Thanks to advances in imaging methods, high-resolution images of the central and peripheral retina have been acquired since the 2000s using ultra-wide-angle imaging systems that can capture a 200° section of retina. With peripheral retinal imaging, color and autofluorescence images revealed that peripheral retinal changes occurred in extramacular areas in AMD patients. Color and autofluorescence images demonstrated that more peripheral retinal changes take place in patients with AMD compared to healthy individuals.4,5
The aim of the present study was to determine and compare the prevalence of peripheral retinal changes in color and autofluorescence images in healthy individuals and AMD patients.
Materials and Methods
This prospective analysis included 550 eyes of 277 patients who presented to the Ophthalmology Department of the Eskişehir Osmangazi University Medical Faculty Hospital between June 2016 and July 2017 and were diagnosed with AMD, as well as 90 eyes of 45 patients with healthy retinas. Ethics committee approval was obtained before the study (number 980558721/137, dated May 30, 2016).
The 277 patients in the AMD group were selected from patients who were over 55 years of age, had no more than 6 diopters of refractive error, had not undergone retinal surgery or laser photocoagulation, and had no history of retinal disease other than AMD. AMD was diagnosed by evaluating the patients’ fundus examinations and optical coherence tomography (OCT) images.
The 45 healthy individuals in the control group were over 55 years of age, had no more than 6 diopters of refractive error, had not undergone retinal surgery or laser photocoagulation, and had no history of any retinal disease.

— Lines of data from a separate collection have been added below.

(* Let $n\ge 1$ be an integer and $0<p_{\mathrm{tot}}\le 1$. Let $\mathcal X$ be the family of random variables $$\mathcal X=\Big\{\max\big(\{X_i\}_{i=1}^n\big)\ \Big|\ X_i\sim\mathrm{geom}(p_i)\text{ independent},\ 0<p_i\le 1,\ \prod_{i=1}^n p_i=p_{\mathrm{tot}}\Big\}.$$ Let $X_{\mathrm{hom}}\in\mathcal X$ be the member with $p_1=\dots=p_n$, i.e. $X_{\mathrm{hom}}=\max(\{X_{\mathrm{hom},i}\}_{i=1}^n)$ with the $X_{\mathrm{hom},i}$ independent and $X_{\mathrm{hom},i}\sim\mathrm{geom}(\sqrt[n]{p_{\mathrm{tot}}})$. Then for every $X\in\mathcal X$ we have $X\ge_{\mathrm{st}}X_{\mathrm{hom}}$.
   Context: $\mathrm{geom}(p)$ denotes the geometric distribution on $\{1,2,3,\dots\}$ with success probability $p$: $\Pr(X=k)=(1-p)^{k-1}p$, so $\Pr(X\le k)=1-(1-p)^k$. For random variables $X,Y$, $X\ge_{\mathrm{st}}Y$ ($X$ stochastically dominates $Y$) means $\Pr(X>z)\ge\Pr(Y>z)$ for all real $z$. *)

From HB Require Import structures.
From mathcomp Require Import all_boot all_order all_algebra.
From mathcomp Require Import all_classical all_reals all_analysis.
Set Implicit Arguments. Unset Strict Implicit. Unset Printing Implicit Defensive.
Import Order.TTheory GRing.Theory Num.Theory.
Local Open Scope classical_set_scope.
Local Open Scope ring_scope.

Definition is_geom {R : realType} {d : measure_display} {T : measurableType d}
  (P : probability T R) (X : {RV P >-> R}) (p : R) : Prop :=
  forall k : nat, P (X @^-1` [set (k.+1)%:R]) = ((1 - p) ^+ k * p)%:E.

Definition mutually_independent {R : realType} {d : measure_display}
  {T : measurableType d} (P : probability T R) (n : nat)
  (X : 'I_n -> {RV P >-> R}) : Prop :=
  forall B : 'I_n -> set R, (forall i, measurable (B i)) ->
    P (\bigcap_(i in [set: 'I_n]) (X i @^-1` B i))
    = (\prod_(i < n) P (X i @^-1` B i))%E.

(* Pointwise maximum of the family (seed 0; the variables are a.s. >= 1). *)
Definition max_rv {R : realType} {T : Type} (n : nat) (X : 'I_n -> T -> R)
  (w : T) : R := \big[Num.max/0]_(i < n) X i w.

From HB Require Import structures.
From mathcomp Require Import all_boot all_order all_algebra.
From mathcomp Require Import all_classical all_reals all_analysis.
From mathcomp Require Import ring lra.
Import Order.TTheory GRing.Theory Num.Theory.
Import numFieldNormedType.Exports.
Local Open Scope classical_set_scope.
Local Open Scope ring_scope.

(* For z >= 0 and k = floor z, independence gives Pr(max X_i <= z) = prod_i F(p_i)
   with F(t) = 1 - (1 - t)^k, so it suffices that prod_i F(p_i) <= F(q)^n whenever
   prod_i p_i = q^n.  This is Jensen's inequality for the concave function
   s |-> ln F(e^s): its derivative is the elasticity t F'(t) / F(t)
   = k t (1 - t)^(k-1) / F(t), which is nonincreasing in t = e^s.  Concretely, each
   ln F(p_i) lies below the tangent line at q in the variable ln t, and the tangent
   terms cancel on summation because sum_i ln p_i = n ln q. *)

Section DeriveSign.
Context {R : realType}.

Lemma is_derive_continuous (f df : R -> R) (a b : R) :
  (forall y, a <= y <= b -> is_derive y 1 f (df y)) ->
  {within `[a, b], continuous f}.
Proof.
move=> fd; apply/continuous_in_subspaceT => y; rewrite inE /= in_itv /= => yab.
by apply/differentiable_continuous/derivable1_diffP; case: (fd y yab).
Qed.

Lemma derive_sign_change_le (f df : R -> R) (a b c x : R) :
  (forall y, a < y <= b -> is_derive y 1 f (df y)) ->
  (forall y, a < y < c -> 0 <= df y) ->
  (forall y, c < y < b -> df y <= 0) ->
  a < c <= b -> a < x <= b -> f x <= f c.
Proof.
move=> fd df_ge0 df_le0 /andP[ac cb] /andP[ax xb].
have fdv y : a < y <= b -> derivable f y 1 by move=> /fd [].
have fdf y : a < y <= b -> derive1 f y = df y.
  by move=> /fd yd; rewrite derive1E derive_val.
have fc u v : a < u -> v <= b -> {within `[u, v], continuous f}.
  move=> au vb; apply: (@is_derive_continuous f df) => y /andP[uy yv].
  by apply: fd; rewrite (lt_le_trans au uy) (le_trans yv vb).
have [xc|cx] := leP x c.
- apply: (@ger0_derive1_le_cc _ f x c _ _ (fc _ _ ax cb));
    rewrite ?in_itv /= ?lexx ?xc // => y /[!in_itv] /= /andP[xy yc];
    have ayb : a < y <= b by rewrite (lt_trans ax xy) (le_trans (ltW yc) cb).
  + exact: fdv.
  + by rewrite fdf // df_ge0 // (lt_trans ax xy).
- apply: (@ler0_derive1_le_cc _ f c x _ _ (fc _ _ ac xb));
    rewrite ?in_itv /= ?lexx ?(ltW cx) // => y /[!in_itv] /= /andP[cy yx];
    have ayb : a < y <= b by rewrite (lt_trans ac cy) (le_trans (ltW yx) xb).
  + exact: fdv.
  + by rewrite fdf // df_le0 // cy (lt_le_trans yx xb).
Qed.

End DeriveSign.

Section GeomCdf.
Context {R : realType}.
Implicit Types (m : nat) (s t : R).

Definition geom_cdf (m : nat) (t : R) : R := 1 - (1 - t) ^+ m.

Definition geom_cdf_elasticity (m : nat) (t : R) : R :=
  m%:R * t * (1 - t) ^+ m.-1 / geom_cdf m t.

Lemma geom_cdf0 t : geom_cdf 0 t = 0.
Proof. by rewrite /geom_cdf expr0 subrr. Qed.

Lemma geom_cdfE m t : geom_cdf m t = t * \sum_(k < m) (1 - t) ^+ k.
Proof.
by rewrite /geom_cdf -opprB subrX1 addrAC subrr sub0r mulNr opprK.
Qed.

Lemma geom_cdf_gt0 m t : (0 < m)%N -> 0 < t <= 1 -> 0 < geom_cdf m t.
Proof.
move=> m_gt0 /andP[t_gt0 t_le1]; rewrite /geom_cdf subr_gt0 exprn_ilt1 ?subr_ge0 //.
  by rewrite -lt0n.
by rewrite ltrBlDl ltrDr.
Qed.

Lemma is_derive_geom_cdf m t :
  is_derive t 1 (geom_cdf m) (m%:R * (1 - t) ^+ m.-1).
Proof.
have dB : is_derive t 1 (fun t : R => 1 - t) (-1).
  by have := is_deriveB (is_derive_cst (1 : R) t 1) (is_derive_id t (1 : R)); rewrite sub0r.
have := is_deriveB (is_derive_cst (1 : R) t 1) (is_deriveX m dB).
rewrite exprfctE => dF; apply: (is_derive_eq dF).
by rewrite sub0r /GRing.scale /= mulrN1 opprK.
Qed.

Lemma geom_cdf_elasticity_antitone m s t : 0 < s -> s <= t -> t <= 1 ->
  geom_cdf_elasticity m t <= geom_cdf_elasticity m s.
Proof.
move=> s_gt0 st t_le1; case: m => [|m]; first by rewrite /geom_cdf_elasticity !mul0r.
have t_gt0 := lt_le_trans s_gt0 st.
have Ft : 0 < geom_cdf m.+1 t by rewrite geom_cdf_gt0 // t_gt0.
have Fs : 0 < geom_cdf m.+1 s by rewrite geom_cdf_gt0 // s_gt0 (le_trans st).
rewrite /geom_cdf_elasticity ler_pdivrMr // [leRHS]mulrAC ler_pdivlMr // !geom_cdfE /=.
set a := 1 - t; set b := 1 - s.
have a_ge0 : 0 <= a by rewrite subr_ge0.
have ab : a <= b by rewrite lerB.
have key : a ^+ m * \sum_(k < m.+1) b ^+ k <= b ^+ m * \sum_(k < m.+1) a ^+ k.
  rewrite !mulr_sumr; apply: ler_sum => -[k /=]; rewrite ltnS => km _.
  have b_ge0 := le_trans a_ge0 ab.
  rewrite -(subnK km) !exprD [leLHS]mulrAC.
  by rewrite !ler_wpM2r ?exprn_ge0 // lerXn2r.
set Sa := \sum_(k < m.+1) a ^+ k; set Sb := \sum_(k < m.+1) b ^+ k.
have mst_ge0 : 0 <= m.+1%:R * s * t by rewrite !mulr_ge0 // ltW.
have -> : m.+1%:R * t * a ^+ m * (s * Sb) = m.+1%:R * s * t * (a ^+ m * Sb) by ring.
have -> : m.+1%:R * s * b ^+ m * (t * Sa) = m.+1%:R * s * t * (b ^+ m * Sa) by ring.
exact: ler_wpM2l.
Qed.

Lemma ln_geom_cdf_tangent m p q : (0 < m)%N -> 0 < p <= 1 -> 0 < q <= 1 ->
  ln (geom_cdf m p) <= ln (geom_cdf m q) + geom_cdf_elasticity m q * (ln p - ln q).
Proof.
move=> m_gt0 hp hq; set c := geom_cdf_elasticity m q.
have q_gt0 : 0 < q by case/andP: hq.
suff : ln (geom_cdf m p) - c * ln p <= ln (geom_cdf m q) - c * ln q by lra.
apply: (@derive_sign_change_le _ (fun x => ln (geom_cdf m x) - c * ln x)
  (fun x => (geom_cdf_elasticity m x - c) / x) 0 1) => //.
- move=> x hx; have x_gt0 : 0 < x by case/andP: hx.
  have := is_deriveB (is_derive1_comp (is_derive1_ln (geom_cdf_gt0 m x m_gt0 hx))
    (is_derive_geom_cdf m x)) (is_deriveZ c (is_derive1_ln x_gt0)).
  move/is_derive_eq; apply.
  rewrite /geom_cdf_elasticity /GRing.scale /=; field.
  by rewrite (gt_eqF x_gt0) (gt_eqF (geom_cdf_gt0 m x m_gt0 hx)).
- move=> y /andP[y_gt0 yq]; apply: divr_ge0; last exact: ltW.
  rewrite subr_ge0 geom_cdf_elasticity_antitone ?(ltW yq) //; by case/andP: hq.
- move=> y /andP[qy y_lt1]; have y_gt0 := lt_trans q_gt0 qy.
  rewrite ler_pdivrMr // mul0r subr_le0.
  by rewrite geom_cdf_elasticity_antitone ?ltW.
Qed.

Lemma ln_prod (I : Type) (r : seq I) (P : pred I) (f : I -> R) :
  (forall i, P i -> 0 < f i) ->
  ln (\prod_(i <- r | P i) f i) = \sum_(i <- r | P i) ln (f i).
Proof.
move=> f_gt0; elim: r => [|i r IH]; first by rewrite !big_nil ln1.
rewrite !big_cons; case: ifP => // Pi.
by rewrite lnM ?IH // posrE ?f_gt0 // prodr_gt0.
Qed.

Lemma prod_geom_cdf_le n m (p : 'I_n -> R) q :
  (forall i, 0 < p i <= 1) -> 0 < q <= 1 -> \prod_(i < n) p i = q ^+ n ->
  \prod_(i < n) geom_cdf m (p i) <= geom_cdf m q ^+ n.
Proof.
move=> hp hq hprod; case: m => [|m].
  by rewrite (eq_bigr (fun=> 0)) => [|i _]; rewrite ?prodr_const ?card_ord geom_cdf0.
have Fp i : 0 < geom_cdf m.+1 (p i) by rewrite geom_cdf_gt0.
have Fq : 0 < geom_cdf m.+1 q by rewrite geom_cdf_gt0.
have q_gt0 : 0 < q by case/andP: hq.
rewrite -ler_ln ?posrE ?exprn_gt0 ?prodr_gt0 // ln_prod // lnXn //.
have sum_ln : \sum_(i < n) ln (p i) = ln q *+ n.
  by rewrite -ln_prod -?lnXn ?hprod // => i _; case/andP: (hp i).
set c := geom_cdf_elasticity m.+1 q.
apply: (@le_trans _ _ (\sum_(i < n) (ln (geom_cdf m.+1 q) + c * (ln (p i) - ln q)))).
  by apply: ler_sum => i _; apply: ln_geom_cdf_tangent.
by rewrite big_split /= -mulr_sumr sumrB sum_ln !sumr_const card_ord subrr mulr0 addr0.
Qed.

End GeomCdf.

Section MaxRV.
Context {R : realType} {T : Type}.

Lemma max_rv_ge0 n (Z : 'I_n -> T -> R) w : 0 <= max_rv Z w.
Proof. exact: bigmax_ge_id. Qed.

Lemma max_rv_leP n (Z : 'I_n -> T -> R) w z : 0 <= z ->
  max_rv Z w <= z <-> forall i, Z i w <= z.
Proof. by move=> z_ge0; split => [/bigmax_leP[_ + i] | Zz]; [apply | apply/bigmax_leP]. Qed.

Lemma max_rv_gt_setE n (Z : 'I_n -> T -> R) z : 0 <= z ->
  [set w | z < max_rv Z w] = ~` \bigcap_(i in [set: 'I_n]) (Z i @^-1` `]-oo, z]).
Proof.
move=> z_ge0; apply/seteqP; split => w /=.
- rewrite ltNge => /negP Zz ZI; apply/Zz/max_rv_leP => // i.
  by have := ZI i I; rewrite /preimage /= in_itv.
- move=> ZI; rewrite ltNge; apply/negP => /max_rv_leP -/(_ z_ge0) Zz.
  by apply: ZI => i _; rewrite /preimage /= in_itv /= Zz.
Qed.

End MaxRV.

Section GeometricLaw.
Context {R : realType}.

Fixpoint natr_block (a L : nat) : set R :=
  if L is L'.+1 then natr_block a L' `|` [set (a + L').+1%:R] else set0.

Lemma natr_blockP a L x : natr_block a L x -> exists2 k, (a <= k < a + L)%N & x = k.+1%:R.
Proof.
elim: L => [//|L IH] /= [/IH[k /andP[ak kaL] ->]|->].
  by exists k; rewrite // ak addnS ltnS ltnW.
by exists (a + L)%N; rewrite // leq_addr addnS ltnSn.
Qed.

Lemma measurable_natr_block a L : measurable (natr_block a L).
Proof. by elim: L => [|L IH] /=; [exact: measurable0 | exact: measurableU]. Qed.

Lemma exists_expr_lt (y e : R) : 0 <= y < 1 -> 0 < e -> exists L : nat, y ^+ L < e.
Proof.
move=> /andP[y_ge0 y_lt1] e_gt0.
have y_norm : `|y| < 1 by rewrite ger0_norm.
have [N _ yN] := cvgr0_norm_lt (GRing.exp y : R^nat) (cvg_expr y_norm) e e_gt0.
by exists N; have := yN N (leqnn N); rewrite /= ger0_norm ?exprn_ge0.
Qed.

Context {d : measure_display} {T : measurableType d} {P : probability T R}.
Context {X : {RV P >-> R}} {p : R}.
Hypotheses (hp : 0 < p <= 1) (hX : is_geom X p).

Lemma geom_natr_block a L :
  P (X @^-1` natr_block a L) = ((1 - p) ^+ a - (1 - p) ^+ (a + L))%:E.
Proof.
elim: L => [|L IH] /=; first by rewrite preimage_set0 measure0 addn0 subrr.
have disj : natr_block a L `&` [set (a + L).+1%:R] = set0.
  apply/seteqP; split => // x [/natr_blockP[k /andP[_ kaL] ->] /= /eqP].
  by rewrite eqr_nat eqSS => /eqP kE; rewrite kE ltnn in kaL.
rewrite preimage_setU measureU -?preimage_setI ?disj ?preimage_set0 //;
  try exact: measurable_funPTI (measurable_natr_block _ _).
rewrite -[M in M + _]/(P (X @^-1` natr_block a L)) IH.
rewrite -[M in _ + M]/(P (X @^-1` [set (a + L).+1%:R])) hX.
by rewrite -EFinD addnS exprS; congr EFin; ring.
Qed.

Lemma is_geom_cdf z : P (X @^-1` `]-oo, z]) = (geom_cdf (Num.truncn z) p)%:E.
Proof.
set K := Num.truncn z; set A := X @^-1` `]-oo, z].
have mA : measurable A by exact: measurable_funPTI.
have mB a L : measurable (X @^-1` natr_block a L).
  exact: measurable_funPTI (measurable_natr_block _ _).
have lower : ((geom_cdf K p)%:E <= P A)%E.
  have := geom_natr_block 0 K; rewrite expr0 add0n => <-.
  apply: le_measure; rewrite ?inE // => w /natr_blockP[k /andP[_ kK] Xw].
  by rewrite /A /preimage /= in_itv /= Xw -truncn_gt_nat.
(* The mass of {K+1, ..., K+L} lies outside A and tends to (1 - p)^K as L grows. *)
have upper L : (P (X @^-1` natr_block K L) <= 1 - P A)%E.
  rewrite -probability_setC //; apply: le_measure; rewrite ?inE //; first exact: measurableC.
  move=> w /natr_blockP[k /andP[Kk _] Xw]; rewrite /A /preimage /= in_itv /= Xw.
  by apply/negP; rewrite -ltNge -truncn_le_nat.
rewrite -(fineK (fin_num_measure P A mA)) in lower upper *.
set r := fine (P A) in lower upper *.
rewrite lee_fin in lower; congr EFin; apply/le_anti; rewrite lower andbT.
have /andP[p_gt0 p_le1] := hp.
have y01 : 0 <= 1 - p < 1 by rewrite subr_ge0 p_le1 ltrBlDl ltrDr.
apply/ler_addgt0Pr => e /(exists_expr_lt _ _ y01)[L yL].
have := upper L; rewrite geom_natr_block -EFinB lee_fin /geom_cdf => rK.
have : (1 - p) ^+ (K + L) <= (1 - p) ^+ L.
  by case/andP: y01 => y_ge0 y_lt1; rewrite exprD ler_piMl ?exprn_ge0 ?exprn_ile1 // ltW.
lra.
Qed.

End GeometricLaw.

Section MaxOfIndependent.
Context {R : realType} {d : measure_display} {T : measurableType d}.
Context {P : probability T R}.

Lemma prob_max_rv_gt n (Z : 'I_n -> {RV P >-> R}) z :
  mutually_independent Z -> 0 <= z ->
  P [set w | z < max_rv (fun i => Z i : T -> R) w]
  = (1 - \prod_(i < n) P (Z i @^-1` `]-oo, z]))%E.
Proof.
move=> indZ z_ge0; rewrite max_rv_gt_setE // probability_setC ?indZ //.
apply: fin_bigcap_measurable; first exact: finite_finset.
by move=> i _; exact: measurable_funPTI.
Qed.

Lemma prob_max_geom_gt n (Z : 'I_n -> {RV P >-> R}) (p : 'I_n -> R) z :
  (0 < n)%N -> (forall i, 0 < p i <= 1) ->
  mutually_independent Z -> (forall i, is_geom (Z i) (p i)) ->
  P [set w | z < max_rv (fun i => Z i : T -> R) w]
  = (1 - \prod_(i < n) geom_cdf (Num.truncn z) (p i))%:E.
Proof.
move=> n_gt0 hp indZ geomZ; have [z_ge0|z_lt0] := leP 0 z.
  rewrite prob_max_rv_gt // (eq_bigr _ (fun i _ => is_geom_cdf (hp i) (geomZ i) z)).
  by rewrite prodEFin EFinB.
have -> : [set w | z < max_rv (fun i => Z i : T -> R) w] = setT.
  by apply/seteqP; split => // w _; rewrite /= (lt_le_trans z_lt0) ?max_rv_ge0.
have /truncn0Pn -> : ~~ (1 <= z) by rewrite -ltNge (lt_trans z_lt0) ?ltr01.
rewrite probability_setT (eq_bigr (fun=> 0)) => [|i _]; last exact: geom_cdf0.
by rewrite prodr_const card_ord expr0n gtn_eqF // subr0.
Qed.

End MaxOfIndependent.

Lemma powR_invn_exprn (R : realType) (a : R) n : (0 < n)%N -> 0 <= a ->
  (a `^ n%:R^-1) ^+ n = a.
Proof.
move=> n_gt0 a_ge0; rewrite -powR_mulrn ?powR_ge0 // -powRrM mulVf ?powRr1 //.
by rewrite pnatr_eq0 -lt0n.
Qed.

Theorem mainTheorem1 (R : realType) (n : nat) (hn : (0 < n)%N)
  (ptot : R) (hp0 : 0 < ptot) (hp1 : ptot <= 1)
  (d1 : measure_display) (T1 : measurableType d1) (P1 : probability T1 R)
  (X : 'I_n -> {RV P1 >-> R}) (p : 'I_n -> R)
  (hp : forall i, 0 < p i <= 1) (hprod : \prod_(i < n) p i = ptot)
  (hindX : mutually_independent X) (hgeomX : forall i, is_geom (X i) (p i))
  (d2 : measure_display) (T2 : measurableType d2) (P2 : probability T2 R)
  (Y : 'I_n -> {RV P2 >-> R})
  (hindY : mutually_independent Y)
  (hgeomY : forall i, is_geom (Y i) (ptot `^ (n%:R)^-1)) :
  forall z : R,
    (P2 [set w | (z < max_rv (fun i => (Y i : T2 -> R)) w)%R]
     <= P1 [set w | (z < max_rv (fun i => (X i : T1 -> R)) w)%R])%E.
Proof.
move=> z; set q := ptot `^ n%:R^-1.
have qn : q ^+ n = ptot by rewrite powR_invn_exprn // ltW.
have hq : 0 < q <= 1.
  by rewrite powR_gt0 //= -(powRr0 ptot) ger_powR ?hp0 ?invr_ge0 //.
rewrite (prob_max_geom_gt _ _ _ z hn (fun=> hq) hindY hgeomY).
rewrite (prob_max_geom_gt _ _ _ z hn hp hindX hgeomX).
rewrite lee_fin lerD2l lerN2 prodr_const card_ord.
by apply: prod_geom_cdf_le; rewrite // hprod qn.
Qed.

After being informed about the study, all patients signed written consent forms. The age and gender of the patients in the AMD and control groups were recorded. All patients’ pupils were dilated by instilling 2.5% phenylephrine and 1% tropicamide drops into both eyes. OCT images were acquired after dilation. An ultra-wide-angle Optos 200 Tx device was used to take 200° standard fovea-centered color images of both eyes, followed by superior and inferior fundus images obtained using the device’s fixation light. Fundus autofluorescence images were acquired and recorded following the same protocol.
Image Evaluation
The obtained images were viewed using the Optos V2 Vantage Pro Review software. Fovea-centered, superior, and inferior color and autofluorescence images were acquired, for a total of 6 different images for each eye. All images were evaluated together with an experienced retina specialist. Evaluation began with fovea-centered images. Color fundus images were evaluated in 3 sections (zone 1, zone 2, and zone 3), as described in previous studies (Figure 1).4,5,6
Zone 1 was defined as the area within a 5.4 mm diameter centered on the fovea and including the nasal edge of the optic disc and the temporal macula. It corresponds to approximately 3 optic disc diameters (DD). For AMD patients, zone 1 images were evaluated together with OCT images AMD grading was done according to AREDS Research Group criteria.7 AMD was graded as early in the presence of drusen smaller than 125 µm, intermediate if drusen were larger than 125 µm, and late in the presence of findings characteristic of geographic atrophy or neovascular AMD. Patients with late AMD were further divided into neovascular and geographical atrophy subgroups.
Zone 2 was defined as the area within a 16.2 mm circle, equivalent to 9 DD. Its inner boundary starts from zone 1 and its outer boundary coincides with the vortex veins. Changes observed in zone 2 color fundus images were recorded as drusen (Figure 2), RPE hypopigmentation (Figure 3), RPE hyperpigmentation (Figure 4), and reticular changes (Figure 5). Changes observed in zone 2 FAF images were recorded as hyperautofluorescence (Figure 6), hypoautofluorescence (Figure 7), and a halo (a lesion with a hypoautofluorescent center surrounded by hyperautofluorescence) (Figure 8).
Zone 3 was defined as the peripheral retina beyond zone 2 and was divided into 180° sections. Superior images obtained with upward gaze fixation were used to evaluate the upper half and inferior images obtained with downward gaze fixation were used to evaluate the lower half. Drusen, RPE hypopigmentation, RPE hyperpigmentation, reticular changes, cobblestone degeneration (Figure 9), and other changes observed in zone 3 color images were recorded. The area covered by the lesion was expressed in degrees by dividing the retina into clock hours (Figure 10). In eyes with multiple lesions, the largest was recorded as the primary lesion. Changes in zone 3 FAF images were recorded as hyperautofluorescence, hypoautofluorescence, halo, nummular (small, round hypoautofluorescent lesion with smooth border) (Figure 11), and cobblestone (multiple medium to large round hyperautofluorescent lesions with smooth borders) (Figure 12). Similar to the protocol used for color images, the area covered by the lesions was recorded in degree according to clock hour and the largest of multiple lesions was recorded as primary.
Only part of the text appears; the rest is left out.